RECORD EXTRACTS:
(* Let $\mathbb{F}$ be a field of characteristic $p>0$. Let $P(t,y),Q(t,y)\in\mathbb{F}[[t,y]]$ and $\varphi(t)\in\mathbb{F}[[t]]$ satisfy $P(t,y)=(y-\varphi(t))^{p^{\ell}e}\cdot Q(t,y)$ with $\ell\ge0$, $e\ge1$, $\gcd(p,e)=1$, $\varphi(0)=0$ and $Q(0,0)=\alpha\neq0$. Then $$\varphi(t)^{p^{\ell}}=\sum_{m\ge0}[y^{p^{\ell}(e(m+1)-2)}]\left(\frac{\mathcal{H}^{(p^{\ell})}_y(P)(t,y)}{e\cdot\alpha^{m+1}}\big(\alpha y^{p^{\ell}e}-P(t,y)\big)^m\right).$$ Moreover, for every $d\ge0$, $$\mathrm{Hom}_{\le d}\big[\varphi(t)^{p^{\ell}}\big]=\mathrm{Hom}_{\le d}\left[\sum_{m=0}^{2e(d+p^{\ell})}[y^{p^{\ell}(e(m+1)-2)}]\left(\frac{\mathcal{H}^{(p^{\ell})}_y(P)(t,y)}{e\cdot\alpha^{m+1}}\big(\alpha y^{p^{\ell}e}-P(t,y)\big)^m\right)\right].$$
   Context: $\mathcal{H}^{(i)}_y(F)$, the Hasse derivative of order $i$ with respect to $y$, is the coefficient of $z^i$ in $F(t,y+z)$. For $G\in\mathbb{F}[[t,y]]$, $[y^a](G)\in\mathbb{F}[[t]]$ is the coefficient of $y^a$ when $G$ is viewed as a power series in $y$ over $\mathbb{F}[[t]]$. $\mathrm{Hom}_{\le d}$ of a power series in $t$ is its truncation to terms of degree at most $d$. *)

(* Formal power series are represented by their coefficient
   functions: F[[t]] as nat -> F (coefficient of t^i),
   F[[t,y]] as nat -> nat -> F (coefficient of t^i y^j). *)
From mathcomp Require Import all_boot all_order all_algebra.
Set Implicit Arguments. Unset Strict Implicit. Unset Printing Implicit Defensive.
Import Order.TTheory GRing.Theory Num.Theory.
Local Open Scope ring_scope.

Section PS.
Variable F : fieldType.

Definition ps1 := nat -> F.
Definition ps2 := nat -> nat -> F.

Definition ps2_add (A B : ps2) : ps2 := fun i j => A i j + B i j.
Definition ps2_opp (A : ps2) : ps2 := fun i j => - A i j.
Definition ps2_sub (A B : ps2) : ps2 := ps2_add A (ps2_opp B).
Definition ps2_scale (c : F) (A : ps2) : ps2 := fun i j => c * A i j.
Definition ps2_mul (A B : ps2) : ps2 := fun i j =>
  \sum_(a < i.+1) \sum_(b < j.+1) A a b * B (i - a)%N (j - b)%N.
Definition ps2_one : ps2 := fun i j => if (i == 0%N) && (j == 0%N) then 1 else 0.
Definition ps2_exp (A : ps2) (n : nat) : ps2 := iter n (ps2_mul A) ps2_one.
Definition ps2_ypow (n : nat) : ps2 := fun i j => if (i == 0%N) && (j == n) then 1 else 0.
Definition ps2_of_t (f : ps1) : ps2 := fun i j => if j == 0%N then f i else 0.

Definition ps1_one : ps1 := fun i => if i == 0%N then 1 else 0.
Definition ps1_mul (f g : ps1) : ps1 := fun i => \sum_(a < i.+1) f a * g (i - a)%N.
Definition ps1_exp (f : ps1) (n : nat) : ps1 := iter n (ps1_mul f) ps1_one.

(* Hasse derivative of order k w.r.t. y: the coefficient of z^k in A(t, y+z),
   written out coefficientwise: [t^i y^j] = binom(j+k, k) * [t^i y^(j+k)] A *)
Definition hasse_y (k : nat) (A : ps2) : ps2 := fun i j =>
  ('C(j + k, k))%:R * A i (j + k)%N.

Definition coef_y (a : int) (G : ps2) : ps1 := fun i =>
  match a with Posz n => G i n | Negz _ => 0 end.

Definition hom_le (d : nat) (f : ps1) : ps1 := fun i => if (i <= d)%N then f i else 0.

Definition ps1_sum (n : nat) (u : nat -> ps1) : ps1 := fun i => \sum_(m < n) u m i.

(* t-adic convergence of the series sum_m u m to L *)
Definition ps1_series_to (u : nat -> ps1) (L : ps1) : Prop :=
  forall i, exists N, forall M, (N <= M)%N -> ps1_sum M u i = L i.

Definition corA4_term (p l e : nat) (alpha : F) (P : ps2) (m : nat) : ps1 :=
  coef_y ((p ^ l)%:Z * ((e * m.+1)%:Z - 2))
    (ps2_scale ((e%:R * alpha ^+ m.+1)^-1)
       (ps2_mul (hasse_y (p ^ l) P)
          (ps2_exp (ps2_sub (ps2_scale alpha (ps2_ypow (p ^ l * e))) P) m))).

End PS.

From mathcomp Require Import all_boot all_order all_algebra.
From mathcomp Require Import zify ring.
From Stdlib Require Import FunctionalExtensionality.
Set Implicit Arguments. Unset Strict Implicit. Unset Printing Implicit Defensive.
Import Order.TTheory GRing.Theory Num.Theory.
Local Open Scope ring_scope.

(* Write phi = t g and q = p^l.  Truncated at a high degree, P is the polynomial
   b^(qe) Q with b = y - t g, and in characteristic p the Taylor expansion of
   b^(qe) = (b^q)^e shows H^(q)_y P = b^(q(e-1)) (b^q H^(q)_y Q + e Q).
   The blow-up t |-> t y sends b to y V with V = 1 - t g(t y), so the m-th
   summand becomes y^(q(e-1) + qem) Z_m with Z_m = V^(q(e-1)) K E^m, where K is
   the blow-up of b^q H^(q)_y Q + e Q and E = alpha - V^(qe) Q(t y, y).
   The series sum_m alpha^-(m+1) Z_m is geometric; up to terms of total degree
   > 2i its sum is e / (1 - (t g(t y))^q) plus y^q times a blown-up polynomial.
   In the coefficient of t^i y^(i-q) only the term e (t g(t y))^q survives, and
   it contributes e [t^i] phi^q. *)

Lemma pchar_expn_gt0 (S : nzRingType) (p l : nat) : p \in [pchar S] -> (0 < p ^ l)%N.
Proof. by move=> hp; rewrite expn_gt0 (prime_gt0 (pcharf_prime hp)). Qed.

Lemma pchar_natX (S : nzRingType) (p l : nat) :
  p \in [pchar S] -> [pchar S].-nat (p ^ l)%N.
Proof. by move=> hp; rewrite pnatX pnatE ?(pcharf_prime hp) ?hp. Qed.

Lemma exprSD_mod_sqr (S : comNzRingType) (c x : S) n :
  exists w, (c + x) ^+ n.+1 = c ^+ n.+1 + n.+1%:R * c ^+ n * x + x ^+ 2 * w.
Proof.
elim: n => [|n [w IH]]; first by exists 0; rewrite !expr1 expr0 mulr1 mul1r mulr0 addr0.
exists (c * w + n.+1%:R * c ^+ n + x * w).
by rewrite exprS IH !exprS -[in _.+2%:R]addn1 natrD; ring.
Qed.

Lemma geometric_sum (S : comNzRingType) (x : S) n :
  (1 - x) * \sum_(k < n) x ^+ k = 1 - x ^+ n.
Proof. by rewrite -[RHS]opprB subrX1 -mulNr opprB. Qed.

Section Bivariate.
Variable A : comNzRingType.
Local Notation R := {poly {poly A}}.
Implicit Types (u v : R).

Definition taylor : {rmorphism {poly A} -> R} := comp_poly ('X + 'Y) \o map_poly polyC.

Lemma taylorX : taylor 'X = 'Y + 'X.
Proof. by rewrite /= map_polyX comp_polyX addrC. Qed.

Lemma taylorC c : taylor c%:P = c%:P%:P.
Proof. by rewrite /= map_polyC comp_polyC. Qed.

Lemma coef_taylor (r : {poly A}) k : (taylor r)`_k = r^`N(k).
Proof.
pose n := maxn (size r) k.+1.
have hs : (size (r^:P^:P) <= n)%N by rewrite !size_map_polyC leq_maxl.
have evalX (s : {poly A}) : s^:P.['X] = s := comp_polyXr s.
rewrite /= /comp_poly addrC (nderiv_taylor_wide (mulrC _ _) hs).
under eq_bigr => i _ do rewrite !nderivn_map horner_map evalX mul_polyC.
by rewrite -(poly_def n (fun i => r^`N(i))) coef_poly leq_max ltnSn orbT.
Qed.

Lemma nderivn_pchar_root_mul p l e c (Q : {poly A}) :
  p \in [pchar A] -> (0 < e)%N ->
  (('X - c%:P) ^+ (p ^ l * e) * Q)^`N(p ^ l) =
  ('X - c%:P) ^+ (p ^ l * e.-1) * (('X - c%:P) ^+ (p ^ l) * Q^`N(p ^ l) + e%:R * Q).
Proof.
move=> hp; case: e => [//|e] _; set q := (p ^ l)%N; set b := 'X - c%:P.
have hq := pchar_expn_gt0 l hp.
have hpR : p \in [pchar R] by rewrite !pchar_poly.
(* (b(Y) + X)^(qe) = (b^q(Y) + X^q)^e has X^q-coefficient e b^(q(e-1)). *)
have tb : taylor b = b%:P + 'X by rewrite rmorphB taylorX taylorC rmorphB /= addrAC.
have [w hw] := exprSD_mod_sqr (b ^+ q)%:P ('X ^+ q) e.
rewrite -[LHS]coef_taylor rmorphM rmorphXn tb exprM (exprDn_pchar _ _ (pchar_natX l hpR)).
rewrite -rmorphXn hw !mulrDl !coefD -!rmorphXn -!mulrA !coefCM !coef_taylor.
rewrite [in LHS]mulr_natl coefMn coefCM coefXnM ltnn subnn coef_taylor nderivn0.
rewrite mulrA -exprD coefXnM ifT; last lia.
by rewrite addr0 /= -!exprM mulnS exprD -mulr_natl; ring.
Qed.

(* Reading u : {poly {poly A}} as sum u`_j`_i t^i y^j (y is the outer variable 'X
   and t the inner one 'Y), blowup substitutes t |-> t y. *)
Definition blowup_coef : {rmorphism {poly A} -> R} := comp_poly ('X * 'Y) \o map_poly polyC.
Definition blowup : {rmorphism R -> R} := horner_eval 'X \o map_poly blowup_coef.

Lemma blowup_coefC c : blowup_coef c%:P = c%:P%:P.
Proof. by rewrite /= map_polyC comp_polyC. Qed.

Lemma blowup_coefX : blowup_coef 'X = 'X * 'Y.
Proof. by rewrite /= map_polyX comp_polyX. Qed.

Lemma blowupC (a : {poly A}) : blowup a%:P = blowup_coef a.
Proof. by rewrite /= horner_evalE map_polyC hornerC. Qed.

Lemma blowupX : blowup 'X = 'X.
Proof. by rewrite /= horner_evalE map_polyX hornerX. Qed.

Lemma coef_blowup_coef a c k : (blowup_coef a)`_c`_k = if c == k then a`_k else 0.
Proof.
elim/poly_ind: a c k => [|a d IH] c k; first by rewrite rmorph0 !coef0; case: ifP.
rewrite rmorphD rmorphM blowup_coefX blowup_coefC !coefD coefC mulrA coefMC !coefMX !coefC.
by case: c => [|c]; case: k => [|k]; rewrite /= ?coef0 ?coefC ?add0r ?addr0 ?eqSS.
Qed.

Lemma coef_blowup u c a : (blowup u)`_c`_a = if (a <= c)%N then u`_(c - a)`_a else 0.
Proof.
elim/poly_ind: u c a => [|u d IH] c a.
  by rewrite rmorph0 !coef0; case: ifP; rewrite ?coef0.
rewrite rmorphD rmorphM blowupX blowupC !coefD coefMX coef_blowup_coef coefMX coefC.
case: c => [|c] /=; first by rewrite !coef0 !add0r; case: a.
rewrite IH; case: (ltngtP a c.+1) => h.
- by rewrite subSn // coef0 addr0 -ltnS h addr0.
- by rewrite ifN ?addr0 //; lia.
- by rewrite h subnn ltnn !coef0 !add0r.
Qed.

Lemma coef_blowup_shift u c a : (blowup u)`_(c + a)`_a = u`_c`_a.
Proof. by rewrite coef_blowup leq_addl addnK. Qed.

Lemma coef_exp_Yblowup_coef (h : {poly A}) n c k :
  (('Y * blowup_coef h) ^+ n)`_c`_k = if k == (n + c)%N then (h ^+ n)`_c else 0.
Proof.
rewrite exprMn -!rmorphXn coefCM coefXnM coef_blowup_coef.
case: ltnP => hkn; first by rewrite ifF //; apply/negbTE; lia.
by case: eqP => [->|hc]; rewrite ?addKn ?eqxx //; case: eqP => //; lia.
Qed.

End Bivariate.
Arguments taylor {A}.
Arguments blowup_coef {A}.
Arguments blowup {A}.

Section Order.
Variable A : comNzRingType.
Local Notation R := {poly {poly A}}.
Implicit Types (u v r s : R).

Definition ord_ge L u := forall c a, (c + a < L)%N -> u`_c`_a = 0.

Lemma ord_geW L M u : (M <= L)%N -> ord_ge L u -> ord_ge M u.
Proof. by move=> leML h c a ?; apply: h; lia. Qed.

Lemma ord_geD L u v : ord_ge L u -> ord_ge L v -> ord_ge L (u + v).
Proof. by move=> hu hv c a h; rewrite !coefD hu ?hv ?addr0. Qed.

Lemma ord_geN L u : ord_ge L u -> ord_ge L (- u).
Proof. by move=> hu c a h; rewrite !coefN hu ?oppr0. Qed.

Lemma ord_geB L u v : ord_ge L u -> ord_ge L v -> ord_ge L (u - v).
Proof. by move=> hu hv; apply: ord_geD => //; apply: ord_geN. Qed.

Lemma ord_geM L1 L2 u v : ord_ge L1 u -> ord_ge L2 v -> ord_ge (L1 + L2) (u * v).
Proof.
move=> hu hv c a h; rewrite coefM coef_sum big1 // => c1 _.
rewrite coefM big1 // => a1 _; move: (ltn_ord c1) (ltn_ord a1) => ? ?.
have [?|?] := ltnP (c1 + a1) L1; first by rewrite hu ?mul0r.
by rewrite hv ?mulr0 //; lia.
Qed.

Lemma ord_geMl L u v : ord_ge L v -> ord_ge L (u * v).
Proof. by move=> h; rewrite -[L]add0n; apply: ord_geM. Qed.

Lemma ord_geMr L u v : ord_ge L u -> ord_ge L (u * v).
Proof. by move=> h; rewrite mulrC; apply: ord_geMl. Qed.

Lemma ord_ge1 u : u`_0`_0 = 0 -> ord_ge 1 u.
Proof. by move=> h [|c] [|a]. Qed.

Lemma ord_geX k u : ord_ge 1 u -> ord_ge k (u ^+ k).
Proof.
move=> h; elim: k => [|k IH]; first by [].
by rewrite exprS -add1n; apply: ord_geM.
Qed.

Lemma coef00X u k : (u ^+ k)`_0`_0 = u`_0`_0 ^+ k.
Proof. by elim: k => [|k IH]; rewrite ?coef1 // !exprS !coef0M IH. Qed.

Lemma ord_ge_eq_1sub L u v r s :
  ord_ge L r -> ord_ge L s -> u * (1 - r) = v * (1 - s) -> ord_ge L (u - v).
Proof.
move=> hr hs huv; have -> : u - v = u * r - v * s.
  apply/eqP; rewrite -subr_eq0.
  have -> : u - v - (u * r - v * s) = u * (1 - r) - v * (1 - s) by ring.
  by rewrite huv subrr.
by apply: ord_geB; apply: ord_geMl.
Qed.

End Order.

INSTRUCTIONS FOR THE TASK: Copy each line holding "evalX" from the material above.

TASK RESULT:
have evalX (s : {poly A}) : s^:P.['X] = s := comp_polyXr s.
under eq_bigr => i _ do rewrite !nderivn_map horner_map evalX mul_polyC.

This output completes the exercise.